As in the questions above, I'm looking for a reliable, robust way to reduce any unicode character to near-equivalent ASCII using PHP. I really want to avoid rolling my own look up table.

For example (stolen from 1st referenced question): Gračišće becomes Gracisce

如果你对这篇内容有疑问,欢迎到本站社区发帖提问 参与讨论,获取更多帮助,或者扫码二维码加入 Web 技术交流群。

扫码二维码加入Web技术交流群

发布评论

需要 登录 才能够评论, 你可以免费 注册 一个本站的账号。

评论(5

不美如何 2024-09-05 07:51:06

iconv 模块可以做到这一点,更具体地说,iconv() 函数:

$str = iconv('Windows-1252', 'ASCII//TRANSLIT//IGNORE', "Gracišce");
echo $str;
//outputs "Gracisce"

iconv 的主要麻烦是你只需要观察你的编码,但这绝对是正确的完成这项工作的工具(由于我使用的文本编辑器的限制,我使用“Windows-1252”作为示例;)您肯定想要使用的 iconv 功能是 //TRANSLIT标志,它告诉 iconv 将任何没有 ASCII 匹配的字符音译为最接近的近似值。
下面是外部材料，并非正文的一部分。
(* The facet cut out by a tight separator passes through [v], so its normal
   is one of the rows of [M]. *)
Lemma tight_separator_normal e z (X : 'M[R]_(d.-1, d)) :
  tight_separator G e z X -> exists i c, z = c *: row i A.
Proof.
move=> [[zG ze] free_X X_G zX].
have face_z : face P z v.
  split=> // x Px; apply: conv_pairing_ge Px _ => k.
  by have := zG k; rewrite size_map nth_translate // pairingBr subr_ge0; apply.
have face_X r : exists2 l, (l < size V)%N & row r X = V`_l - v /\ face P z V`_l.
  have [l lt_l Xr] := X_G r; rewrite size_map in lt_l; exists l => //.
  by rewrite -nth_translate // -Xr; split=> //; apply: face_translate; rewrite // -?Xr.
have facet_z : is_facet P (face P z).
  exists z; split; first by apply: contraTneq ze => ->; rewrite pairing0l ltxx.
  split=> //; exists v, X; split=> // r.
  by have [l _ [-> ?]] := face_X r; rewrite addrC subrK.
have [u [prim_u Fu]] := facets_primitive facet_z.
have [i uE] := (M_normals u).1 (conj (conj prim_u (is_facet_eq Fu facet_z)) ((Fu v).1 face_z)).
subst u.
have AiX r : pairing (row i A) (row r X) = 0.
  have [l lt_l [-> /Fu [_ min_l]]] := face_X r; have [_ min_v] := (Fu v).1 face_z.
  rewrite pairingBr -intfun_row; apply/eqP; rewrite subr_eq0 eq_le.
  by rewrite (min_l v Pv) (min_v _ (conv_nth_lt lt_l)).
exact/(ex_intro _ i)/(colinear_of_orthogonal d_gt0 free_X zX AiX (row_intmx_neq0 i)).
Qed.

(* If [y] is minimized at [v] but had a negative coordinate on the edge [e],
   Farkas would produce a facet through [v] with normal [row j A], and [row j A]
   would then vanish on [P - v]. *)
Lemma normal_cone_coord_ge0 y : face P y v -> forall j, 0 <= (y *m invmx A) 0 j.
Proof.
move=> [_ min_y] j; rewrite leNgt; apply/negP; rewrite coord_invmx.
set e := row j (invmx A)^T => ye.
have yG i : (i < size G)%N -> 0 <= pairing y G`_i.
  rewrite size_map => lt_i.
  by rewrite nth_translate // pairingBr subr_ge0 (min_y _ (conv_nth_lt lt_i)).
have [z0 sep] : exists z0, separates z0 G e.
  apply: farkas => -[mu [mu_ge0 eE]]; move: ye; rewrite eE pairing_sumr ltNge.
  by rewrite sumr_ge0 // => i _; rewrite pairingZr mulr_ge0 ?yG.
have [z [X tight]] := exists_tight_separator translates_span sep.
have [i [c zE]] := tight_separator_normal tight.
have [[zG ze] _ _ _] := tight; move: ze; rewrite zE pairingZl.
rewrite pairing_row_invmx_tr ?intmx_unitmx //.
have [_|_] := eqVneq i j; last by rewrite mulr0 ltxx.
rewrite mulr1 => c_lt0; move/eqP: (row_intmx_neq0 i); apply.
apply: translates_span => l lt_l.
have [_ min_v] := face_row_intmx i; apply/eqP; rewrite eq_le.
have := zG l lt_l; rewrite zE pairingZl (nmulr_rge0 _ c_lt0) => -> /=.
rewrite size_map in lt_l.
by rewrite nth_translate // pairingBr subr_ge0 (min_v _ (conv_nth_lt lt_l)).
Qed.

Lemma int_coord_ge0 (u : 'rV[int]_d) :
  face P (intfun R u) v -> forall j, 0 <= (u *m invmx M) 0 j.
Proof.
move=> /normal_cone_coord_ge0 coord_ge0 j; have := coord_ge0 j.
by rewrite -(intmx_invmx R M_unit) /intfun /intmx -map_mxM mxE ler0z.
Qed.

End DelzantVertex.

Section WidthComparison.
Variables (R : realFieldType) (d : nat).

Lemma width_le_of_sandwich (P : 'rV[R]_d -> Prop) v (n u : 'rV[R]_d) wn wu :
  P v -> (forall x, P x -> 0 <= pairing n (x - v) <= pairing u (x - v)) ->
  is_width P u wu -> is_width P n wn -> wn <= wu.
Proof.
move=> Pv sandwich [_ le_wu] [[x [y [Px Py <-]]] _].
have := sandwich x Px; have := sandwich y Py.
have := le_wu x v Px Pv; have := le_wu y v Py Pv; rewrite !pairingBr.
move=> /ler_normlP [_ ?] /ler_normlP [_ ?] /andP [? ?] /andP [? ?].
by rewrite ler_norml; apply/andP; split; lra.
Qed.

Lemma pairing_row_le_mulmx m (a : 'rV[R]_m) (A : 'M[R]_(m, d)) x j :
  (forall i, 0 <= a 0 i) -> (forall i, 0 <= pairing (row i A) x) -> 1 <= a 0 j ->
  pairing (row j A) x <= pairing (a *m A) x.
Proof.
move=> a_ge0 Ax_ge0 aj_ge1; rewrite pairing_mulmx (bigD1 j) //= -[leLHS]addr0.
apply: lerD; first by rewrite -[leLHS]mul1r ler_wpM2r.
by apply: sumr_ge0 => i _; rewrite mulr_ge0.
Qed.

End WidthComparison.

Lemma exists_coord_ge1 d (b : 'rV[int]_d) :
  b != 0 -> (forall j, 0 <= b 0 j) -> exists j, 1 <= b 0 j.
Proof.
move=> b_neq0 b_ge0; have [j bj] : exists j, b 0 j != 0.
  apply/existsP; apply: contraNT b_neq0 => /existsPn b0.
  by apply/eqP/rowP => j; rewrite mxE; apply/eqP; move: (b0 j); rewrite negbK.
by exists j; have := b_ge0 j; move: bj; lia.
Qed.

Section Delzant.
Variables (R : realFieldType) (d : nat) (V : seq 'rV[R]_d).
Local Notation P := (conv V).
Hypothesis d_gt0 : (0 < d)%N.
Hypothesis P_delzant : delzant P.

Lemma delzant_point : exists x, P x.
Proof. by have [[x [X [_ Px _]]] _ _] := P_delzant; exists x. Qed.
Definition t_of (R : fieldType) (s u : R) : R :=
  1 / 2%:R -
  (s ^+ 9 - 84%:R * s ^+ 6 - 378%:R * s ^+ 5 - 1512%:R * s ^+ 4
   - 5208%:R * s ^+ 3 - 7236%:R * s ^+ 2 - 8127%:R * s - 784%:R) * u
  / (432%:R * s * (s + 1) ^+ 2 * (s ^+ 2 + s + 7%:R) ^+ 2).

Definition t_den (R : fieldType) (s : R) : R :=
  432%:R * s * (s + 1) ^+ 2 * (s ^+ 2 + s + 7%:R) ^+ 2.

Definition y_of (R : fieldType) (s u : R) : R :=
  1 / 2%:R -
  (s ^+ 10 + 5%:R * s ^+ 9 + 24%:R * s ^+ 8 + 20%:R * s ^+ 7
   - 266%:R * s ^+ 6 - 2874%:R * s ^+ 5 - 14812%:R * s ^+ 4
   - 40316%:R * s ^+ 3 - 85359%:R * s ^+ 2 - 100067%:R * s - 67396%:R) * u
  / (16%:R * (s + 1) * (s ^+ 2 + s + 7%:R) *
     (5%:R * s ^+ 6 + 63%:R * s ^+ 5 + 252%:R * s ^+ 4 + 854%:R * s ^+ 3
      + 1449%:R * s ^+ 2 + 1827%:R * s + 2030%:R)).

Definition y_den (R : fieldType) (s : R) : R :=
  16%:R * (s + 1) * (s ^+ 2 + s + 7%:R) *
  (5%:R * s ^+ 6 + 63%:R * s ^+ 5 + 252%:R * s ^+ 4 + 854%:R * s ^+ 3
   + 1449%:R * s ^+ 2 + 1827%:R * s + 2030%:R).

From mathcomp Require Import all_boot all_order all_algebra.
From mathcomp Require Import ring.
Import GRing.Theory.
Set Implicit Arguments. Unset Strict Implicit. Unset Printing Implicit Defensive.
Local Open Scope ring_scope.
Set Warnings "-abstract-large-number".

(* On the curve, t = 1/2 - A(s) u and y = 1/2 - B(s) u with A, B rational in s.
   Differentiating u^2 = s(s^2+s+7) gives D u = (rational in s) * D s / u, so
   D t and D y are both 1/u times rational functions of s, hence y' = D y / D t
   is a rational function W(s) of s alone, and y'' = D W / D t is u times one.
   The right-hand side of P_VI is odd under u |-> -u as well, so after dividing
   by u the equation becomes an identity between rational functions of s.
   Written in terms of the irreducible factors p_i of all numerators and
   denominators, its numerator is an explicit polynomial in the p_i and their
   derivatives, which vanishes identically. *)

(* The polynomial with integer coefficients [cs], lowest degree first. *)
Definition ipoly {R : nzRingType} (cs : seq int) : {poly R} := Poly (map intr cs).

Section Derivation.
Variables (R : fieldType) (D : R -> R).
Hypothesis D_der : is_derivation D.

Lemma derD a b : D (a + b) = D a + D b. Proof. exact: D_der.1. Qed.
Lemma derM a b : D (a * b) = D a * b + a * D b. Proof. exact: D_der.2. Qed.

Lemma der0 : D 0 = 0.
Proof. by apply: (addrI (D 0)); rewrite -derD !addr0. Qed.

Lemma derN a : D (- a) = - D a.
Proof. by apply: (addrI (D a)); rewrite -derD !subrr der0. Qed.

Lemma derB a b : D (a - b) = D a - D b. Proof. by rewrite derD derN. Qed.

Lemma der1 : D 1 = 0.
Proof.
have := derM 1 1; rewrite !mulr1 mul1r => D1.
by apply: (addrI (D 1)); rewrite addr0 -D1.
Qed.

Lemma der_nat n : D n%:R = 0.
Proof. by elim: n => [|n IH]; rewrite ?der0 // mulrS derD der1 IH addr0. Qed.

Lemma der_int (z : int) : D z%:~R = 0.
Proof. by case: z => n; rewrite ?NegzE ?mulrNz ?derN der_nat ?oppr0. Qed.

Lemma derXS a n : D (a ^+ n.+1) = n.+1%:R * a ^+ n * D a.
Proof.
elim: n => [|n IH]; first by rewrite expr1 expr0 mulr1 mul1r.
by rewrite exprS derM IH exprS; ring.
Qed.

(* Unconditional, since both sides vanish at [a = 0] ([0^-1 = 0]). *)
Lemma derV a : D a^-1 = - D a / a ^+ 2.
Proof.
have [->|a0] := eqVneq a 0; first by rewrite invr0 der0 oppr0 mul0r.
have := derM a a^-1; rewrite mulfV // der1 => /esym/eqP.
rewrite addr_eq0 => /eqP Da'.
by apply: (mulfI a0); rewrite -[a * _]opprK -Da'; field.
Qed.

Lemma der_half : D (1 / 2%:R) = 0.
Proof. by rewrite derM der1 derV der_nat oppr0 !mul0r mulr0 addr0. Qed.

Lemma der_mul_sqrt a c u : 2%:R != 0 :> R -> u != 0 -> u ^+ 2 = c ->
  D (a * u) = (2%:R * D a * c + a * D c) / (2%:R * u).
Proof.
move=> two0 u0 uc; have Dc : D c = 2%:R * u * D u by rewrite -uc derXS expr1.
by rewrite derM Dc -uc; field; rewrite two0 u0.
Qed.

Lemma der_horner (p : {poly R}) x :
  (forall i, D p`_i = 0) -> D p.[x] = p^`().[x] * D x.
Proof.
elim/poly_ind: p => [|p c IH] Dp; first by rewrite deriv0 !horner0 der0 mul0r.
have Dc : D c = 0 by have := Dp 0%N; rewrite coefD coefMX coefC add0r.
have {}IH : D p.[x] = p^`().[x] * D x.
  by apply: IH => i; have := Dp i.+1; rewrite coefD coefMX coefC addr0.
rewrite derivMXaddC hornerMXaddC hornerD hornerMX derD derM IH Dc; ring.
Qed.

Lemma der_ipoly_coef (cs : seq int) i : D (ipoly cs)`_i = 0.
Proof.
rewrite /ipoly coef_Poly.
have [lt_i_cs|le_cs_i] := ltnP i (size cs).
  by rewrite (nth_map (0 : int)) // der_int.
by rewrite nth_default ?size_map // der0.
Qed.

End Derivation.

Lemma char0_natr_neq0 (R : fieldType) : [pchar R] =i pred0 -> forall n, n.+1%:R != 0 :> R.
Proof. by move/pcharf0P => charR n; rewrite charR. Qed.

Fixpoint deriv_horner_rec {R : nzRingType} (cs : seq R) (x : R) : R :=
  if cs is c :: cs' then horner_rec cs' x + deriv_horner_rec cs' x * x else 0.

Lemma horner_deriv_Poly {R : nzRingType} (cs : seq R) x :
  (Poly cs)^`().[x] = deriv_horner_rec cs x.
Proof.
elim: cs => [|c cs IH] /=; first by rewrite deriv0 horner0.
by rewrite cons_poly_def derivMXaddC hornerD hornerMX IH horner_Poly.
Qed.

Lemma horner_ipoly {R : nzRingType} (cs : seq int) (x : R) :
  (ipoly cs).[x] = horner_rec (map intr cs) x.
Proof. exact: horner_Poly. Qed.

Lemma horner_deriv_ipoly {R : nzRingType} (cs : seq int) (x : R) :
  (ipoly cs)^`().[x] = deriv_horner_rec (map intr cs) x.
Proof. exact: horner_deriv_Poly. Qed.

Lemma neq0_eq (R : nzRingType) (x y : R) : y != 0 -> x = y -> x != 0.
Proof. by move=> y0 ->. Qed.

(* Derivatives are evaluated first: matching [(ipoly _).[_]] against
   [p^`().[_]] would make Rocq compute [deriv] on a concrete polynomial. *)
Ltac eval_factors :=
  rewrite ?horner_deriv_ipoly ?horner_ipoly; cbv [horner_rec deriv_horner_rec map].

Ltac neq0_by_eval :=
  match goal with H : is_true (~~ (horner _ _ == _)) |- _ =>
    by apply: (neq0_eq H); eval_factors; ring end.

Ltac field_side R_char0 :=
  repeat (apply/andP; split); rewrite ?oppr_eq0;
  repeat (apply: mulf_neq0 || apply: expf_neq0 || apply: invr_neq0);
  rewrite ?(char0_natr_neq0 R_char0) //; neq0_by_eval.

Ltac der_expand D_der := rewrite !(der_nat D_der, der1 D_der, der_horner D_der,
  derXS D_der, derV D_der, derM D_der); try exact: der_ipoly_coef.

(* The irreducible factors of the numerators and denominators of t, y and of
   their derivatives; the curve is u^2 = p0 p2.  Coefficients are written
   [n%:Z]: an [int] literal would be expanded into a unary [nat]. *)
Definition p0 {R : nzRingType} : {poly R} := ipoly [:: 0%:Z; 1%:Z].
Definition p1 {R : nzRingType} : {poly R} := ipoly [:: 1%:Z; 1%:Z].
Definition p2 {R : nzRingType} : {poly R} := ipoly [:: 7%:Z; 1%:Z; 1%:Z].
Definition p3 {R : nzRingType} : {poly R} :=
  ipoly [:: 2030%:Z; 1827%:Z; 1449%:Z; 854%:Z; 252%:Z; 63%:Z; 5%:Z].
Definition p4 {R : nzRingType} : {poly R} := ipoly [:: - 1%:Z; 1%:Z].
Definition p5 {R : nzRingType} : {poly R} := ipoly [:: 7%:Z; 4%:Z; 1%:Z].
Definition p6 {R : nzRingType} : {poly R} := ipoly [:: 16%:Z; 1%:Z; 1%:Z].
Definition p7 {R : nzRingType} : {poly R} := ipoly [:: - 7%:Z; 1%:Z].
Definition p8 {R : nzRingType} : {poly R} :=
  ipoly [:: 336400%:Z; 814088%:Z; 1021641%:Z; 795466%:Z; 473805%:Z; 202120%:Z;
            67874%:Z; 17148%:Z; 3298%:Z; 544%:Z; 85%:Z; 10%:Z; 1%:Z].
Definition p9 {R : nzRingType} : {poly R} :=
  ipoly [:: 290%:Z; 1218%:Z; 792%:Z; 452%:Z; 123%:Z; 36%:Z; 5%:Z].
Definition p10 {R : nzRingType} : {poly R} :=
  ipoly [:: 218660%:Z; 337183%:Z; 351045%:Z; 207340%:Z; 97247%:Z; 34746%:Z;
            9877%:Z; 2852%:Z; 633%:Z; 119%:Z; 10%:Z].
Definition p11 {R : nzRingType} : {poly R} :=
  ipoly [:: 136813880%:Z; 408096178%:Z; 787740891%:Z; 879206328%:Z; 686239869%:Z;
            418858776%:Z; 197182993%:Z; 78706274%:Z; 25343055%:Z; 7284658%:Z;
            1878341%:Z; 475212%:Z; 114243%:Z; 25380%:Z; 3951%:Z; 506%:Z; 25%:Z].
Definition p12 {R : nzRingType} : {poly R} :=
  ipoly [:: - 784%:Z; - 8127%:Z; - 7236%:Z; - 5208%:Z; - 1512%:Z; - 378%:Z; - 84%:Z;
            0%:Z; 0%:Z; 1%:Z].
Definition p13 {R : nzRingType} : {poly R} :=
  ipoly [:: - 67396%:Z; - 100067%:Z; - 85359%:Z; - 40316%:Z; - 14812%:Z; - 2874%:Z;
            - 266%:Z; 20%:Z; 24%:Z; 5%:Z; 1%:Z].
(* (V/J, {K_n + M_n(J)}_n, u + J) is an operator system.  All statements are
   about cosets, expressed on representatives; for J = {0} this is the usual
   notion of an operator system (V, {K_n}, u). *)
Definition opsys_mod (star : V -> V) (J : V -> Prop)
    (K : forall n, 'M[V]_n -> Prop) (u : V) : Prop :=
  let Kt := sat J K in
  let herm n (x : 'M[V]_n) := mx_eqmod J (mx_star star x) x in
  is_involution star /\ is_subspace J /\ (forall v, J v -> J (star v)) /\
  (forall n x, Kt n x -> herm n x) /\
  (forall n x y, Kt n x -> Kt n y -> Kt n (x + y)) /\
  (forall n (r : R) x, 0 <= r -> Kt n x -> Kt n (mx_rscale r x)) /\
  (forall n m (alpha : 'M[C]_(n, m)) x, Kt n x -> Kt m (mx_conj_act alpha x)) /\
  (forall n x, Kt n x -> Kt n (- x) -> mx_eqmod J x 0) /\
  J (star u - u) /\
  (forall n x, herm n x -> exists r : R, 0 < r /\ Kt n (x + mx_rscale r (diagv n u))) /\
  (forall n x, herm n x ->
     (forall eps : R, 0 < eps -> Kt n (x + mx_rscale eps (diagv n u))) -> Kt n x).

Definition opsys (star : V -> V) (K : forall n, 'M[V]_n -> Prop) (e : V) : Prop :=
  opsys_mod star (fun v => v = 0) K e.

Definition is_state (K : forall n, 'M[V]_n -> Prop) (e : V) (phi : V -> C) : Prop :=
  [/\ forall (a : C) x y, phi (a *: x + y) = a * phi x + phi y,
      forall v, K 1%N (mx1 v) -> 0 <= phi v &
      phi e = 1].

Definition alpha_m (K : forall n, 'M[V]_n -> Prop) (e : V) (x : V) : R :=
  sup [set r : R | exists phi, is_state K e phi /\ (r%:C = `|phi x|)%R].

Definition Cp (star : V -> V) (K : forall n, 'M[V]_n -> Prop) (e p : V)
    n (x : 'M[V]_n) : Prop :=
  mx_star star x = x /\
  forall eps : R, 0 < eps -> exists t : R, 0 < t /\
    K n (x + diagv n (eps%:C *: p + t%:C *: (e - p))).

Definition span (S : V -> Prop) (v : V) : Prop :=
  exists s : seq (C * V), (forall ax, ax \in s -> S ax.2) /\
    v = \sum_(ax <- s) ax.1 *: ax.2.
The iconv module can do this, more specifically, the iconv() function:

$str = iconv('Windows-1252', 'ASCII//TRANSLIT//IGNORE', "Gracišce");
echo $str;
//outputs "Gracisce"

The main hassle with iconv is that you just have to watch your encodings, but it's definitely the right tool for the job (I used 'Windows-1252' for the example due to limitations of the text editor I was working with ;) The feature of iconv that you definitely want to use is the //TRANSLIT flag, which tells iconv to transliterate any characters that don't have an ASCII match into the closest approximation.

绝對不後悔。 2024-09-05 07:51:06

我根据@zombat 的答案找到了另一个解决方案。

他的回答的问题是我得到:

Notice: iconv() [function.iconv]: Wrong charset, conversion from `UTF-8' to `ASCII//TRANSLIT//IGNORE' is not allowed in D:\www\phpcommand.php(11) : eval()'d code on line 3

从函数中删除 //IGNORE 后,我得到:

Gr'a'e~a~o^O"ucisce

因此, š 字符被正确翻译,但另一个角色不是。

对我有用的解决方案是 preg_replace (删除除 [a-zA-Z0-9] 之外的所有内容 - 包括空格)和 @zombat 的解决方案:

preg_replace('/[^a-zA-Z0-9.]/','',iconv('UTF-8', 'ASCII//TRANSLIT', "GráéãõÔücišce"));

输出:

GraeaoOucisce

I found another solution, based on @zombat's answer.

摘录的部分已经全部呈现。